• WHAT THIS TASK INVOLVES:
Note the line where "B Q h hh hL" appears in the data below; write it out exactly, along with every line that comes after it to the end.
*** Opening EXCERPTED RECORDS ***
Lemma landau_on_interval a L f P Q d x :
  0 < d -> 2 * d < L -> derivable_upto 2 a L f ->
  supnorm_le a L f P -> supnorm_le a L (Derive_n f 2) Q -> in_I a L x ->
  Rabs (Derive f x) <= 2 * P / d + d * Q.
Proof.
  intros hd hdL Hf HP HQ hx.
  destruct (partner_in_I a L x d hx hd hdL) as [v [hv hvx]].
  destruct (mvt_on_I a L f x v (fun y => Hf 0%nat y ltac:(lia)) hx hv)
    as [c1 [hc1 Hmvt1]].
  assert (hc1I : in_I a L c1) by exact (in_I_between a L x v c1 hx hv hc1).
  destruct (mvt_on_I a L (Derive f) x c1 (fun y => Hf 1%nat y ltac:(lia)) hx hc1I)
    as [c2 [hc2 Hmvt2]].
  assert (hc2I : in_I a L c2) by exact (in_I_between a L x c1 c2 hx hc1I hc2).
  (* the secant slope between x and v is at most 2P/d *)
  assert (Hslope : Rabs (Derive f c1) * d <= 2 * P).
  { rewrite <- hvx, <- Rabs_mult, <- Hmvt1.
    pose proof (HP v hv); pose proof (HP x hx).
    pose proof (Rabs_triang (f v) (- f x)); rewrite Rabs_Ropp in *.
    unfold Rminus; lra. }
  assert (Hdrift : Rabs (Derive f c1 - Derive f x) <= Q * d).
  { rewrite Hmvt2, Rabs_mult.
    apply Rmult_le_compat; try apply Rabs_pos; [exact (HQ c2 hc2I) |].
    rewrite <- hvx; revert hc1; unfold Rmin, Rmax, Rabs.
    destruct (Rle_dec x v); repeat destruct Rcase_abs; lra. }
  assert (Hslope' : Rabs (Derive f c1) <= 2 * P / d).
  { apply Rmult_le_reg_r with d; [exact hd |].
    replace (2 * P / d * d) with (2 * P) by (field; lra); exact Hslope. }
  pose proof (Rabs_triang (Derive f c1) (- (Derive f c1 - Derive f x))).
  rewrite Rabs_Ropp in *.
  replace (Derive f c1 + - (Derive f c1 - Derive f x)) with (Derive f x) in * by ring.
  lra.
Qed.

Lemma le_of_le_geometric (x y d : R) :
  (forall N, x <= y + d * (/ 2) ^ N) -> x <= y.
Proof.
  intros H.
  assert (Hlim : Rbar_le x (y + d * 0)).
  { apply (is_lim_seq_le (fun _ => x) (fun N => y + d * (/ 2) ^ N));
      [exact H | apply is_lim_seq_const |].
    apply is_lim_seq_plus'; [apply is_lim_seq_const |].
    apply (is_lim_seq_scal_l _ d 0), is_lim_seq_geom.
    rewrite Rabs_pos_eq; lra. }
  simpl in Hlim; lra.
Qed.

Lemma absorb_half (S : R -> Prop) (F : R -> R) (beta B0 : R) :
  (forall x, S x -> Rabs (F x) <= B0) ->
  (forall B, (forall x, S x -> Rabs (F x) <= B) ->
     forall x, S x -> Rabs (F x) <= beta + B / 2) ->
  forall x, S x -> Rabs (F x) <= 2 * beta.
Proof.
  intros H0 Himprove.
  assert (Hiter : forall N x, S x ->
            Rabs (F x) <= 2 * beta + (B0 - 2 * beta) * (/ 2) ^ N).
  { induction N as [|N IH]; intros x hx.
    - simpl; specialize (H0 x hx); lra.
    - specialize (Himprove _ IH x hx); simpl.
      replace (2 * beta + (B0 - 2 * beta) * (/ 2 * (/ 2) ^ N))
        with (beta + (2 * beta + (B0 - 2 * beta) * (/ 2) ^ N) / 2) by field.
      exact Himprove. }
  intros x hx; apply (le_of_le_geometric _ _ (B0 - 2 * beta)).
  intros N; exact (Hiter N x hx).
Qed.

Definition interpolates (n : nat) (A : nat -> R) : Prop :=
  forall a L f P Q h, 0 < h -> h <= L ->
    derivable_upto n a L f -> bounded_upto n a L f ->
    supnorm_le a L f P -> supnorm_le a L (Derive_n f n) Q ->
    forall j, (j <= n)%nat ->
      supnorm_le a L (Derive_n f j) (A j * (P / h ^ j + h ^ (n - j) * Q)).

Lemma interpolates_1 : interpolates 1 (fun _ => 1).
Proof.
  intros a L f P Q h hh hL _ _ HP HQ j hj x hx.
  pose proof (supnorm_nonneg a L _ _ ltac:(lra) HP).
  pose proof (supnorm_nonneg a L _ _ ltac:(lra) HQ).
  assert (0 <= P / h) by (apply Rdiv_le_0_compat; lra).
  destruct j as [|[|j]]; [| | lia]; simpl.
  - specialize (HP x hx); simpl in HP.
    assert (0 <= h * 1 * Q) by (apply Rmult_le_pos; lra).
    replace (P / 1) with P by field; lra.
  - specialize (HQ x hx); simpl in HQ; rewrite Rmult_1_r; lra.
Qed.

Section Step.

Variables (n : nat) (A : nat -> R).
Hypothesis n_pos : (1 <= n)%nat.
Hypothesis A_nonneg : forall j, 0 <= A j.
Hypothesis A_interpolates : interpolates n A.

Definition first_constant : R := 8 * (1 + A 1%nat) + 1.

(* Improvement of a bound B on f' at order n + 1: the Landau estimate at the
   small scale delta h, with |f''| controlled through the induction
   hypothesis for f', gives |f'| <= D (P/h + h^n Q) + B/2, D = first_constant. *)
Lemma first_derivative_improves a L f P Q h B :
  0 < h -> h <= L ->
  derivable_upto (S n) a L f -> bounded_upto (S n) a L f ->
  supnorm_le a L f P -> supnorm_le a L (Derive_n f (S n)) Q ->
  supnorm_le a L (Derive f) B ->
  supnorm_le a L (Derive f) (first_constant * (P / h + h ^ n * Q) + B / 2).
Proof.
  intros hh hL Hder Hbnd HP HQ HB x hx.
  pose proof (supnorm_nonneg a L _ _ ltac:(lra) HP) as hP.
  pose proof (supnorm_nonneg a L _ _ ltac:(lra) HQ) as hQ.
  pose proof (supnorm_nonneg a L _ _ ltac:(lra) HB) as hB.
  pose proof (A_nonneg 1%nat) as hA1.
  set (delta := / (4 * (1 + A 1%nat))).
  assert (hdelta : 0 < delta) by (apply Rinv_0_lt_compat; lra).
  assert (hdA : delta * A 1%nat <= 1 / 4)
    by (unfold delta; apply Rmult_le_reg_l with (4 * (1 + A 1%nat)); [lra|];
        field_simplify; lra).
  assert (hdelta4 : delta <= 1 / 4)
    by (unfold delta; apply Rmult_le_reg_l with (4 * (1 + A 1%nat)); [lra|];
        field_simplify; lra).
  assert (Hf2 : supnorm_le a L (Derive_n f 2)
                  (A 1%nat * (B / h + h ^ (n - 1) * Q))).
  { pose proof (A_interpolates a L (Derive f) B Q h hh hL
                  (derivable_upto_Derive _ _ _ _ Hder)
                  (bounded_upto_Derive _ _ _ _ Hbnd) HB
                  ltac:(rewrite Derive_n_Derive; exact HQ) 1%nat n_pos) as H.
    rewrite Derive_n_Derive, pow_1 in H; exact H. }
  pose proof (landau_on_interval a L f P _ (delta * h) x ltac:(nra) ltac:(nra)
                (fun j y hj => Hder j y ltac:(lia)) HP Hf2 hx) as Hx.
  assert (Hpow : h * h ^ (n - 1) = h ^ n)
    by (rewrite <- (pow_1 h) at 1; rewrite <- pow_add; f_equal; lia).
  assert (Hexpand : 2 * P / (delta * h) + delta * h * (A 1%nat * (B / h + h ^ (n - 1) * Q))
            = 8 * (1 + A 1%nat) * (P / h) + (delta * A 1%nat) * B
              + (delta * A 1%nat) * (h ^ n * Q)).
  { rewrite <- Hpow; unfold delta; field; lra. }
  rewrite Hexpand in Hx; unfold first_constant.
  assert (0 <= h ^ n * Q) by (apply Rmult_le_pos; [apply pow_le|]; lra).
  assert (0 <= P / h) by (apply Rdiv_le_0_compat; lra).
  pose proof (Rmult_le_pos _ _ (Rlt_le _ _ hdelta) hA1); nra.
Qed.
*** Closing EXCERPTED RECORDS ***
• OUTPUT:
  { pose proof (A_interpolates a L (Derive f) B Q h hh hL
                  (derivable_upto_Derive _ _ _ _ Hder)
                  (bounded_upto_Derive _ _ _ _ Hbnd) HB
                  ltac:(rewrite Derive_n_Derive; exact HQ) 1%nat n_pos) as H.
    rewrite Derive_n_Derive, pow_1 in H; exact H. }
  pose proof (landau_on_interval a L f P _ (delta * h) x ltac:(nra) ltac:(nra)
                (fun j y hj => Hder j y ltac:(lia)) HP Hf2 hx) as Hx.
  assert (Hpow : h * h ^ (n - 1) = h ^ n)
    by (rewrite <- (pow_1 h) at 1; rewrite <- pow_add; f_equal; lia).
  assert (Hexpand : 2 * P / (delta * h) + delta * h * (A 1%nat * (B / h + h ^ (n - 1) * Q))
            = 8 * (1 + A 1%nat) * (P / h) + (delta * A 1%nat) * B
              + (delta * A 1%nat) * (h ^ n * Q)).
  { rewrite <- Hpow; unfold delta; field; lra. }
  rewrite Hexpand in Hx; unfold first_constant.
  assert (0 <= h ^ n * Q) by (apply Rmult_le_pos; [apply pow_le|]; lra).
  assert (0 <= P / h) by (apply Rdiv_le_0_compat; lra).
  pose proof (Rmult_le_pos _ _ (Rlt_le _ _ hdelta) hA1); nra.
Qed.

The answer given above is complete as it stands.